>>> rdd = sc.parallelize(range(10), 2)
>>> rdd.glom().collect()
[[0, 1, 2, 3, 4], [5, 6, 7, 8, 9]]
>>> rdd.repartition(3).glom().collect()
[[], [0, 1, 2, 3, 4], [5, 6, 7, 8, 9]]
>>>
The first partition is empty? Why? I really appreciate you telling me the reasons.
That happens because Spark doesn't shuffle individual elements but rather blocks of data - with minimum batch size equal to 10.
So if you have less elements than that per partition, Spark won't separate content of partitions.
This can be explained by just taking a look at how the repartition function works.
The reason for this is that calling df.repartition(COL, numPartitions=k)

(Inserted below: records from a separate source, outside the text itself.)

Definition is_min_Djoin L (D : {set vtx L}) (J : {set {set vtx L}}) : Prop :=
  is_Djoin D J /\ (forall J', is_Djoin D J' -> #|J| <= #|J'|).

Definition plaq (L : nat) : finType := ('I_L * 'I_L.-1)%type.

Definition corners L (f : plaq L) : {set vtx L} :=
  [set v : vtx L | [&& f.1 <= vx v <= f.1 + 1 & f.2 <= vy v <= f.2 + 1]].

(* Relative boundary: the sides of the square that belong to E
   (these are exactly the edges of E with both endpoints among the corners). *)
Definition pbd L (f : plaq L) : {set {set vtx L}} :=
  [set e in edges L | e \subset corners f].

Definition symdiff (T : finType) (A B : {set T}) : {set T} :=
  (A :\: B) :|: (B :\: A).

Definition pbd_sum L (P : {set plaq L}) : {set {set vtx L}} :=
  \big[@symdiff _/set0]_(f in P) pbd f.

From HB Require Import structures.
From mathcomp Require Import all_boot zify.
Set Implicit Arguments. Unset Strict Implicit. Unset Printing Implicit Defensive.

(* Take a minimum D-join K with a vertex v of D of degree at least 3 (degrees on
   D are odd). Symmetric difference with the boundary of a plaquette keeps a
   D-join, and when two sides of the plaquette meeting at v lie in K it trades
   them for at most two edges, so K stays minimum. Weigh a horizontal edge by
   its row in odd columns and by L minus its row in even columns. The left and
   right edges at v pair with opposite vertical edges into two candidate
   corners, and since at most one edge at v is missing, one candidate lies in
   K; flipping its plaquette moves the horizontal edge to the lighter row, so
   the total weight decreases and iterating ends with all degrees on D equal
   to 1. A first D-join joins each vertex of D to the left boundary along its
   row. *)

Section SymmetricDifference.
Variable T : finType.
Implicit Types A B : {set T}.

Lemma in_symdiff A B x : (x \in symdiff A B) = (x \in A) (+) (x \in B).
Proof. by rewrite !inE; case: (x \in A); case: (x \in B). Qed.

Lemma symdiffA : associative (@symdiff T).
Proof. by move=> A B C; apply/setP => x; rewrite !in_symdiff addbA. Qed.

Lemma symdiffC : commutative (@symdiff T).
Proof. by move=> A B; apply/setP => x; rewrite !in_symdiff addbC. Qed.

Lemma symdiff0s : left_id set0 (@symdiff T).
Proof. by move=> A; apply/setP => x; rewrite in_symdiff inE. Qed.

Lemma symdiffs0 A : symdiff A set0 = A.
Proof. by rewrite symdiffC symdiff0s. Qed.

will create a dataframe with k
partitions using a hash-based partitioned. Pyspark will go through every row and apply the following function to determine where the element in the current row will end :
partition_the_row_belongs_to = hash(COL) % k
The k
in this case is used for mapping the rows into a space consisting of k partitions. As you can see, there are times where hash functions collides. Sometimes some partitions will be empty whist others have too many elements. This can be because of hash map conclusions, or because of the hash function. Either way the reason for what you are seeing is that repartition created 3 partitions as you asked for, it doesn't promise you anything about balancing the partitions or having all partitions non-empty. If you want to have more control on how the resulting partitions look like, look at partitionby.
See also: this question and this question.
I hope that helps.
It is worth while noting that as Spark is all about running at scale, this is an unlikely scenario to worry about. The closest you can get is skewed data. range will give different initial partitioning than repartition which will use hashing. Also the comment on batch size is valid, but less relevant in practice.